An older, less accurate visual method for haemoglobin estimation. Blood is mixed with dilute HCl to form acid haematin (brown colour), then diluted with water until it matches a standard comparator. Still used in resource-limited settings but prone to subjective error.

Schistocytes

Fragmented red cell 'helmet cells' or 'bite cells' seen on peripheral smear when RBCs are mechanically sheared (microangiopathic haemolytic anaemia). Their presence in a smear is a diagnostic emergency — it mandates urgent investigation for TTP, HUS, or DIC.

Serum ferritin

The best single laboratory test for body iron stores — but only in the absence of inflammation. Ferritin is an acute-phase reactant: it rises with infection, malignancy, liver disease, and rheumatoid arthritis, potentially masking iron deficiency. Low ferritin (<15 ng/mL) is the earliest and most specific marker of iron store depletion.

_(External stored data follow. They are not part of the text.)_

(* [gk] is small near [0] (at most [k x]) and near infinity (at most [k / x]), so its maximum
   is attained on a compact interval. *)
Lemma gk_has_max k : (3 <= k)%nat ->
  exists xm, 0 < xm /\ forall x, 0 < x -> gk k x <= gk k xm.
Proof.
  intro Hk. pose proof (INR_ge_3 k Hk) as HK.
  set (g0 := gk k 1). assert (Hg0 : 0 < g0) by (apply gk_pos; [lia|lra]).
  set (a := Rmin 1 (g0 / (2 * INR k))). set (b := Rmax 1 (2 * INR k / g0)).
  assert (Ha : 0 < a <= 1).
  { split; [apply Rmin_pos; [lra|apply Rdiv_lt_0_compat; lra]|apply Rmin_l]. }
  assert (Hb1 : 1 <= b) by apply Rmax_l.
  assert (Hb2 : 2 * INR k / g0 <= b) by apply Rmax_r.
  destruct (continuity_ab_maj (gk k) a b ltac:(lra)) as [xm [Hxm Hxmab]].
  { intros c Hc. apply gk_continuity_pt. lra. }
  assert (Hg0m : g0 <= gk k xm) by (apply Hxm; lra).
  exists xm. split; [lra|]. intros x Hx.
  destruct (Rlt_le_dec x a) as [Hxa|Hxa].
  - pose proof (gk_le_mul k x Hk ltac:(lra)).
    assert (a <= g0 / (2 * INR k)) by apply Rmin_r.
    assert (INR k * x <= g0 / 2).
    { apply Rle_trans with (INR k * (g0 / (2 * INR k))); [nra|right; field; lra]. }
    lra.
  - destruct (Rle_lt_dec x b) as [Hxb|Hxb]; [apply Hxm; lra|].
    pose proof (gk_le_div k x Hx).
    assert (Hx2 : 2 * INR k / g0 < x) by lra.
    assert (2 * INR k < x * g0) by (apply Rlt_div_l in Hx2; lra).
    assert (INR k / x <= g0 / 2) by (apply Rle_div_l; [lra|nra]).
    lra.
Qed.

Lemma rho_max_spec k : (3 <= k)%nat ->
  (forall x, 0 < x -> gk k x <= rho_max k) /\ exists xm, 0 < xm /\ gk k xm = rho_max k.
Proof.
  intro Hk. destruct (gk_has_max k Hk) as [xm [Hxm Hmax]].
  assert (Hrm : rho_max k = gk k xm).
  { unfold rho_max. rewrite (is_lub_Rbar_unique _ (Finite (gk k xm))); [reflexivity|].
    split.
    - intros r [x [Hx ->]]. apply Hmax; auto.
    - intros bb Hbb. apply Hbb. exists xm. split; [lra|reflexivity]. }
  rewrite Hrm. split; auto. exists xm. auto.
Qed.

(* [lambda_rho] is the supremum of the superlevel set [{x > 0 | rho <= gk k x}]. *)
Lemma gk_largest_solution k rho : (3 <= k)%nat -> 0 < rho -> rho <= rho_max k ->
  exists L, 0 < L /\ gk k L = rho /\ (forall x, 0 < x -> rho <= gk k x -> x <= L).
Proof.
  intros Hk Hr Hrm. destruct (rho_max_spec k Hk) as [Hub [xm [Hxm Hxm2]]].
  set (S := fun x => 0 < x /\ rho <= gk k x).
  assert (Hb : bound S).
  { exists (INR k / rho). intros x [Hx Hgx]. pose proof (gk_le_div k x Hx).
    assert (Hkx : rho <= INR k / x) by lra.
    apply Rle_div_r in Hkx; auto. apply Rle_div_r; auto. lra. }
  destruct (completeness S Hb) as [L [HL1 HL2]]; [exists xm; split; auto; lra|].
  assert (HLp : 0 < L) by (enough (xm <= L) by lra; apply HL1; split; auto; lra).
  exists L. split; [auto|split; [|intros x Hx Hg; apply HL1; split; auto]].
  apply Rle_antisym; apply Rnot_lt_le; intro Hlt.
  - destruct (continuity_pt_bound _ _ (gk_continuity_pt k L HLp) (gk k L - rho)
                ltac:(lra)) as [d [Hd Hnear]].
    assert (Hs : Rabs (L + d/2 - L) < d) by (rewrite Rabs_right; lra).
    specialize (Hnear _ Hs). rewrite Rabs_lt_between in Hnear.
    assert (L + d/2 <= L) by (apply HL1; split; lra). lra.
  - destruct (continuity_pt_bound _ _ (gk_continuity_pt k L HLp) (rho - gk k L)
                ltac:(lra)) as [d [Hd Hnear]].
    assert (Hnot : ~ (forall x, S x -> x <= L - d)).
    { intro Hc. assert (L <= L - d) by (apply HL2; intros x Hx; apply Hc; auto). lra. }
    apply not_all_ex_not in Hnot. destruct Hnot as [x Hx].
    apply imply_to_and in Hx. destruct Hx as [[Hx0 Sx] Hx].
    assert (x <= L) by (apply HL1; split; auto).
    assert (Hs : Rabs (x - L) < d) by (rewrite Rabs_left1; lra).
    specialize (Hnear x Hs). rewrite Rabs_lt_between in Hnear. lra.
Qed.

Lemma Rpower_1_base y : Rpower 1 y = 1.
Proof. unfold Rpower. rewrite ln_1, Rmult_0_r. apply exp_0. Qed.

Lemma u_Rpower k th : th < 1 -> u k th = Rpower (1 - th) (/ INR k).
Proof. intro H. unfold u. destruct (Rle_dec (1 - th) 0); [lra|auto]. Qed.

Lemma u_pos k th : th < 1 -> 0 < u k th.
Proof. intro H. rewrite u_Rpower; auto. apply exp_pos. Qed.

Lemma u_0 k : u k 0 = 1.
Proof. rewrite u_Rpower, Rminus_0_r; [apply Rpower_1_base|lra]. Qed.

Lemma u_pow k th : (0 < k)%nat -> th < 1 -> u k th ^ k = 1 - th.
Proof.
  intros Hk H. rewrite u_Rpower, <- Rpower_pow by (auto; apply exp_pos).
  rewrite Rpower_mult, Rinv_l by (apply not_0_INR; lia). apply Rpower_1. lra.
Qed.

Lemma u_lt_1 k th : (0 < k)%nat -> 0 < th < 1 -> u k th < 1.
Proof.
  intros Hk H. rewrite u_Rpower by lra.
  enough (Hlt : Rpower (1 - th) (/ INR k) < Rpower 1 (/ INR k))
    by (rewrite Rpower_1_base in Hlt; auto).
  apply Rlt_Rpower_l; [apply Rinv_0_lt_compat, lt_0_INR; lia|lra].
Qed.

Lemma u_one_sub_pow k w : (0 < k)%nat -> 0 < w -> u k (1 - w ^ k) = w.
Proof.
  intros Hk Hw. pose proof (pow_lt w k Hw).
  rewrite u_Rpower by lra. replace (1 - (1 - w ^ k)) with (w ^ k) by ring.
  rewrite <- Rpower_pow, Rpower_mult, Rinv_r by (auto; apply not_0_INR; lia).
  apply Rpower_1; auto.
Qed.

Lemma one_sub_exp_opp_surj v : 0 < v < 1 -> exists x, 0 < x /\ v = 1 - exp (- x).
Proof.
  intro Hv. exists (- ln (1 - v)). split.
  - assert (ln (1 - v) < 0) by (rewrite <- ln_1; apply ln_increasing; lra). lra.
  - rewrite Ropp_involutive, exp_ln; lra.
Qed.

Lemma h1_one_pos k rho : 0 < h1 k rho 1.
Proof. unfold h1. rewrite pow1. pose proof (exp_pos (- (INR k * 1) / rho)). lra. Qed.

Lemma h1_nonpos_iff k rho x : 0 < rho -> 0 < x ->
  h1 k rho (1 - exp (- x)) <= 0 <-> rho <= gk k x.
Proof.
  intros Hr Hx. unfold h1, gk. set (v := 1 - exp (- x)).
  set (a := INR k * v ^ (k - 1)).
  replace (v - 1) with (- exp (- x)) by (unfold v; ring).
  replace (- a / rho) with (- (a / rho)) by (field; lra).
  transitivity (x <= a / rho).
  - split; intro H.
    + apply Ropp_le_cancel, Rnot_lt_le. intro Hlt. apply exp_increasing in Hlt. lra.
    + destruct H as [H|H]; [|rewrite H; lra].
      apply Ropp_lt_contravar, exp_increasing in H. lra.
  - rewrite <- (Rle_div_r x a rho), <- (Rle_div_r rho a x), Rmult_comm by auto. tauto.
Qed.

Soluble transferrin receptor (sTfR)

A fragment of the cell-surface transferrin receptor (TfR1) cleaved into plasma when erythroblasts upregulate TfR1 in iron-starved erythropoiesis. Unlike ferritin, sTfR is NOT an acute-phase reactant — it remains elevated in IDA even when coexisting inflammation makes ferritin uninterpretable.

TIBC (Total Iron Binding Capacity)

The maximum amount of iron that plasma transferrin can carry, measured in µg/dL (normal 240–450 µg/dL). TIBC rises in iron deficiency (liver makes more transferrin to capture more iron) and falls in anaemia of chronic disease (transferrin synthesis suppressed by inflammation). TIBC ≈ a proxy for total plasma transferrin.

Transferrin

The plasma protein that transports iron in the bloodstream. Synthesised by the liver; its synthesis increases when iron stores are low (inverse relationship with ferritin). Each molecule has two iron-binding sites. Measured indirectly as TIBC.

Transferrin saturation

The percentage of transferrin's iron-binding sites occupied by iron: serum iron ÷ TIBC × 100. Normal 20–50%. Low (<15%) in IDA; low (<20%) in ACD; very high (>70%) in iron overload states. The key distinguishing parameter between IDA and ACD.